- TASK OBJECTIVE:
Count the lines below containing "implyP"; state the number only.

-------- PROVIDED INFORMATION

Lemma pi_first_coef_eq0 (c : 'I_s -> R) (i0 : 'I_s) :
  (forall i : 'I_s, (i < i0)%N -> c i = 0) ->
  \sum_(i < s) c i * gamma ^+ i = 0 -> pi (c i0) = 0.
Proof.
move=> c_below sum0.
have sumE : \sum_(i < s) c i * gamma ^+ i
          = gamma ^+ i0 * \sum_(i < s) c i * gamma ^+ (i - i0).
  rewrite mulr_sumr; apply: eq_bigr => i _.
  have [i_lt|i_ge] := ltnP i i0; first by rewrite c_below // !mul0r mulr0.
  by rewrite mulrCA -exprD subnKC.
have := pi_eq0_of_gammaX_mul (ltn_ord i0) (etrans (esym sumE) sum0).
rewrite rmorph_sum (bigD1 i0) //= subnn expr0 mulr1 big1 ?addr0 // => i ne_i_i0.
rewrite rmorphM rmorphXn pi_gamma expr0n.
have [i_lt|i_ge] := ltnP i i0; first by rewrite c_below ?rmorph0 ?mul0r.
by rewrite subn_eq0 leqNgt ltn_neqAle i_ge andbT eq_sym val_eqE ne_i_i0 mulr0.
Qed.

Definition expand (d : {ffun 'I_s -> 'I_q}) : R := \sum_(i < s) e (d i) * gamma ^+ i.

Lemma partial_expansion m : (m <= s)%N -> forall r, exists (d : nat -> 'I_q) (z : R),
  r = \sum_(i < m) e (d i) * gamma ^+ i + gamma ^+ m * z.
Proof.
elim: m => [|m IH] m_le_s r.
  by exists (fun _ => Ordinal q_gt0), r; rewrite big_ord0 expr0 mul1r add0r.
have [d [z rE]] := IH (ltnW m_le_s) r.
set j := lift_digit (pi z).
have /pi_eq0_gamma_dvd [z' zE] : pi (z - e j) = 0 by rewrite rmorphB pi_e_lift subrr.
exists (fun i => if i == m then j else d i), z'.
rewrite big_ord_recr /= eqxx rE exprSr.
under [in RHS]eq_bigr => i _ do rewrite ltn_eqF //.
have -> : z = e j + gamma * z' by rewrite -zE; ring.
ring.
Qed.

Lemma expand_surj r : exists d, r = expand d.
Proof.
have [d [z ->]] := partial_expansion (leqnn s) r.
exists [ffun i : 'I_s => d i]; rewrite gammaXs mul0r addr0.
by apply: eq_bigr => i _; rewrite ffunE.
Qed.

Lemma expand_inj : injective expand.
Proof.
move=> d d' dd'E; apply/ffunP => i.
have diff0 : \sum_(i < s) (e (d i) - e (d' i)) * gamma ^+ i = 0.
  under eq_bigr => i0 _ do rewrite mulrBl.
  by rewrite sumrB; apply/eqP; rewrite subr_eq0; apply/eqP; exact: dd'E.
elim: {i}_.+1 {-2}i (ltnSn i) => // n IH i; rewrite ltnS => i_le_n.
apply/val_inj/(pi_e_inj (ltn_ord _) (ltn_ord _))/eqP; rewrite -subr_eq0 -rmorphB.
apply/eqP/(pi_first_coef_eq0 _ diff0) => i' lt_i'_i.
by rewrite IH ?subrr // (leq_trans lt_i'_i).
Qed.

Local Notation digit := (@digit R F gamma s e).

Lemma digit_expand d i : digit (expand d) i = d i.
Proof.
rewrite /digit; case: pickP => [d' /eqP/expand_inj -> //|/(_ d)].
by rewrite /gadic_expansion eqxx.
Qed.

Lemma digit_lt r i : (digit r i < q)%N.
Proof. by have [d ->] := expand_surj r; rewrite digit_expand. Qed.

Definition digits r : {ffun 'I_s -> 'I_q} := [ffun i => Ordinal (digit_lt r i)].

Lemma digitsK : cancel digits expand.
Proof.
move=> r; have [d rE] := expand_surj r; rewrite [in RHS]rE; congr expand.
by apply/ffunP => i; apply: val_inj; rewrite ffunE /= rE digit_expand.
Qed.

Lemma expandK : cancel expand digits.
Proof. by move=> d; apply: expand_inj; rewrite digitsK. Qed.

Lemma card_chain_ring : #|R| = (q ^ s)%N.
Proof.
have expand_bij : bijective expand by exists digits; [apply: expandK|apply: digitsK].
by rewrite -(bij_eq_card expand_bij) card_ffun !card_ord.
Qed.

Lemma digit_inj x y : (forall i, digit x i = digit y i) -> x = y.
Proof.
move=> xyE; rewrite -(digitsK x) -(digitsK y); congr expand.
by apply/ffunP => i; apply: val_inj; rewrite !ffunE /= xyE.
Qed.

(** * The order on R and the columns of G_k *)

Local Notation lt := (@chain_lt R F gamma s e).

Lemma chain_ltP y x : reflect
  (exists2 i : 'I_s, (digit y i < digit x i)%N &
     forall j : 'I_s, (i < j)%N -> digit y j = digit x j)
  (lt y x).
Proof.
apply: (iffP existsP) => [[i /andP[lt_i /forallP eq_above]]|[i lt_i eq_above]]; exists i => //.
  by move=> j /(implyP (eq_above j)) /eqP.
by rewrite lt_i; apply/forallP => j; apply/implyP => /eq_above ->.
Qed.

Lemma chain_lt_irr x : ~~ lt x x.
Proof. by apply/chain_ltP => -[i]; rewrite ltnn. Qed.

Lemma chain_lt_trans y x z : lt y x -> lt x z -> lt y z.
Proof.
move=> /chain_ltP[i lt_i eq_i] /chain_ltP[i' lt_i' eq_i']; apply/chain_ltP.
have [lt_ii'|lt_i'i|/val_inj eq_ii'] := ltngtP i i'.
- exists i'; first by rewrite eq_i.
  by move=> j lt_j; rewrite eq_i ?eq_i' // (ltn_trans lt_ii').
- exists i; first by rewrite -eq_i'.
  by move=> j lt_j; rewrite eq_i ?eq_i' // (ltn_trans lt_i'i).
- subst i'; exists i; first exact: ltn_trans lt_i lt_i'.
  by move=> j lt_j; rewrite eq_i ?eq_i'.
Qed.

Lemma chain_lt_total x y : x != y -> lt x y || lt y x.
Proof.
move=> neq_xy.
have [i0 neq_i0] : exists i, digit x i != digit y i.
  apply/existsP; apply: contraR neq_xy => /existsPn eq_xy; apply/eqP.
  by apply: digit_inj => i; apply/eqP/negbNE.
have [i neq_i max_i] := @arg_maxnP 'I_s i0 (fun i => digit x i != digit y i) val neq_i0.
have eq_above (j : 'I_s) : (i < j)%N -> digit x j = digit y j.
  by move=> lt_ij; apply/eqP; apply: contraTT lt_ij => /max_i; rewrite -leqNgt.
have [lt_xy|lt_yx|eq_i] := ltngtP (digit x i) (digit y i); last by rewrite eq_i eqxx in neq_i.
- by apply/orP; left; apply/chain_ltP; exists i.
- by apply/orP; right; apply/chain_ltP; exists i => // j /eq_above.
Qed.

----------------

- WRITTEN REPLY:
2